▶ **Task goal**:
Print the lines in the listing below that fall between the line with "by rewrite exchange_big;" and the line with "by apply: eq_card", those two lines included, exactly as they stand and with nothing else.

──────────

Lemma triple_condition n r1 r2 w1 w2 : r1 <= n -> r1 != r2 -> size w1 = n -> size w2 = n ->
  let A : point := ((Posz r2 - Posz r1)%R, (Posz r1 - Posz r2)%R) in
  let O : point := (0%R, 0%R) in
  let C : point := (Posz r2, (Posz n - Posz r2)%R) in
  [&& path_end A w1 == C, path_end O w2 == C,
      meets_only (path_of A w1) (path_of O w2) C &
      meets_only (path_of O w2) (path_of O w1) O]
  = [&& occ w1 la == r1, occ w2 la == r2 & gap_avoids n w1 w2].
Proof.
move=> r1n r12 s1 s2 A O C.
have AO : (A.1 + A.2 = O.1 + O.2)%R by rewrite /= -opprB addNr.
have end1 : (lattice_pt A w1 n == C) = (occ w1 la == r1).
  rewrite /lattice_pt /aprefix !take_oversize ?s1 // xpair_eqE /=.
  by have := occ_la_lb w1; rewrite s1; lia.
have end2 : (lattice_pt O w2 n == C) = (occ w2 la == r2).
  rewrite /lattice_pt /aprefix !take_oversize ?s2 // xpair_eqE /=.
  by have := occ_la_lb w2; rewrite s2; lia.
rewrite !path_end_lattice_pt s1 s2 end1 end2.
case: (occ w1 la =P r1) => c1 //=; case: (occ w2 la =P r2) => c2 //=.
have CA : lattice_pt A w1 n = C by apply/eqP; rewrite end1 c1.
rewrite (meets_only_at AO s1 s2 (leqnn n) CA).
rewrite (meets_only_at (erefl _) s2 s1 (leq0n n) (lattice_pt0 _ _)).
have r2n : r2 <= n by rewrite -c2 -s2 count_size.
have gn : gap w1 w2 n = (Posz r1 - Posz r2)%R by rewrite gap_size // c1 c2.
apply/andP/gap_avoidsP => [[/forallP H1 /forallP H2] k /andP[k0 kn] | H].
  move: (H1 (@Ordinal n.+1 k (ltnW kn))) (H2 (@Ordinal n.+1 k (ltnW kn))).
  by rewrite /= gn /gap; lia.
split; apply/forallP => -[k /= kn]; move: (H k).
all: have [-> _|k0] := posnP k; first by rewrite !aprefix0 /=; lia.
all: have [kn' /(_ isT)|kN _] := ltnP k n; first by rewrite gn /gap; lia.
all: have -> : k = n by lia.
all: by rewrite !aprefix_oversize ?s1 ?s2 // c1 c2; lia.
Qed.

Lemma Ntriples_gap_avoids n r1 r2 : r2 < r1 <= n ->
  Ntriples ((Posz r2 - Posz r1)%R, (Posz r1 - Posz r2)%R) (0%R, 0%R)
           (Posz r2, (Posz n - Posz r2)%R)
  = #|[set xy : n.-tuple bool * n.-tuple bool |
        [&& occ xy.1 la == r1, occ xy.2 la == r2 & gap_avoids n xy.1 xy.2]]|.
Proof.
case/andP=> r21 r1n; rewrite /Ntriples.
have -> : dist1 ((Posz r2 - Posz r1)%R, (Posz r1 - Posz r2)%R)
                (Posz r2, (Posz n - Posz r2)%R) = n by rewrite /dist1 /=; lia.
have -> : dist1 (0%R, 0%R) (Posz r2, (Posz n - Posz r2)%R) = n by rewrite /dist1 /=; lia.
apply: eq_card => -[w1 w2]; rewrite !inE /=.
by apply: triple_condition; rewrite ?size_tuple // neq_ltn r21 orbT.
Qed.

Lemma sum_nat_eq_indicator m k c (b : nat -> bool) :
  \sum_(m <= i < k) ((c == i) && b i : nat) = ((m <= c < k) && b c : nat).
Proof.
rewrite (eq_bigr (fun i => if i == c then (b c : nat) else 0)) => [|i _].
  by rewrite -big_mkcond big_nat1_eq; case: ifP.
by rewrite eq_sym; case: eqP => [->|].
Qed.

Lemma sum_card_by_values (X : finType) (P : pred X) (f g : X -> nat) n :
  (forall x, f x <= n) ->
  \sum_(0 <= j < n.-1) \sum_(j.+2 <= i < n.+1) #|[set x | [&& f x == i, g x == j & P x]]|
  = #|[set x | P x && (g x + 2 <= f x)]|.
Proof.
move=> fn.
have cardE (Q : pred X) : #|[set x | Q x]| = \sum_x (Q x : nat).
  by rewrite -sum1_card big_mkcond; apply: eq_bigr => x _; rewrite inE; case: (Q x).
rewrite cardE; transitivity (\sum_x \sum_(0 <= j < n.-1)
    \sum_(j.+2 <= i < n.+1) ([&& f x == i, g x == j & P x] : nat)).
  symmetry; rewrite exchange_big; apply: eq_bigr => j _.
  by rewrite exchange_big; apply: eq_bigr => i _; rewrite cardE.
apply: eq_bigr => x _.
rewrite (eq_bigr (fun j : nat => ((g x == j) && ((j.+2 <= f x < n.+1) && P x)) : nat)) => [|j _].
  by rewrite sum_nat_eq_indicator; have := fn x; case: (P x); rewrite ?andbF //=; lia.
by rewrite sum_nat_eq_indicator andbCA.
Qed.

Theorem mainTheorem11 (n : nat) (hn : (2 <= n)%N) :
  #|[set uv : n.-tuple bool * n.-tuple bool |
      MAU uv.1 uv.2 &&
      [forall c : bool, (2 <= `|(Posz (occ uv.1 c) - Posz (occ uv.2 c))%R|)%N]]|
  = (2 * \sum_(0 <= r2 < n.-1)
           \sum_(r2.+2 <= r1 < n.+1)
              Ntriples ((Posz r2 - Posz r1)%R, (Posz r1 - Posz r2)%R) (0%R, 0%R)
                       (Posz r2, (Posz n - Posz r2)%R))%N.
Proof.
rewrite card_MAU_far card_gap_abs_ge2; congr (2 * _).
have -> : #|[set xy : n.-tuple bool * n.-tuple bool |
              gap_avoids n xy.1 xy.2 && (2 <= gap xy.1 xy.2 n)%R]|
        = #|[set xy : n.-tuple bool * n.-tuple bool |
              gap_avoids n xy.1 xy.2 && (occ xy.2 la + 2 <= occ xy.1 la)]|.
  by apply: eq_card => xy; rewrite !inE gap_size ?size_tuple //; lia.
have occ_le (xy : n.-tuple bool * n.-tuple bool) : occ xy.1 la <= n.
  by have := count_size (pred1 la) xy.1; rewrite size_tuple.
rewrite -(sum_card_by_values
  (fun xy : n.-tuple bool * n.-tuple bool => gap_avoids n xy.1 xy.2) (fun xy => occ xy.2 la) occ_le).
apply: eq_big_nat => r2 _; apply: eq_big_nat => r1 /andP[r21 r1n].
by rewrite Ntriples_gap_avoids //; lia.
Qed.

──────────

▶ **Output below**:
  by rewrite exchange_big; apply: eq_bigr => i _; rewrite cardE.
apply: eq_bigr => x _.
rewrite (eq_bigr (fun j : nat => ((g x == j) && ((j.+2 <= f x < n.+1) && P x)) : nat)) => [|j _].
  by rewrite sum_nat_eq_indicator; have := fn x; case: (P x); rewrite ?andbF //=; lia.
by rewrite sum_nat_eq_indicator andbCA.
Qed.

Theorem mainTheorem11 (n : nat) (hn : (2 <= n)%N) :
  #|[set uv : n.-tuple bool * n.-tuple bool |
      MAU uv.1 uv.2 &&
      [forall c : bool, (2 <= `|(Posz (occ uv.1 c) - Posz (occ uv.2 c))%R|)%N]]|
  = (2 * \sum_(0 <= r2 < n.-1)
           \sum_(r2.+2 <= r1 < n.+1)
              Ntriples ((Posz r2 - Posz r1)%R, (Posz r1 - Posz r2)%R) (0%R, 0%R)
                       (Posz r2, (Posz n - Posz r2)%R))%N.
Proof.
rewrite card_MAU_far card_gap_abs_ge2; congr (2 * _).
have -> : #|[set xy : n.-tuple bool * n.-tuple bool |
              gap_avoids n xy.1 xy.2 && (2 <= gap xy.1 xy.2 n)%R]|
        = #|[set xy : n.-tuple bool * n.-tuple bool |
              gap_avoids n xy.1 xy.2 && (occ xy.2 la + 2 <= occ xy.1 la)]|.
  by apply: eq_card => xy; rewrite !inE gap_size ?size_tuple //; lia.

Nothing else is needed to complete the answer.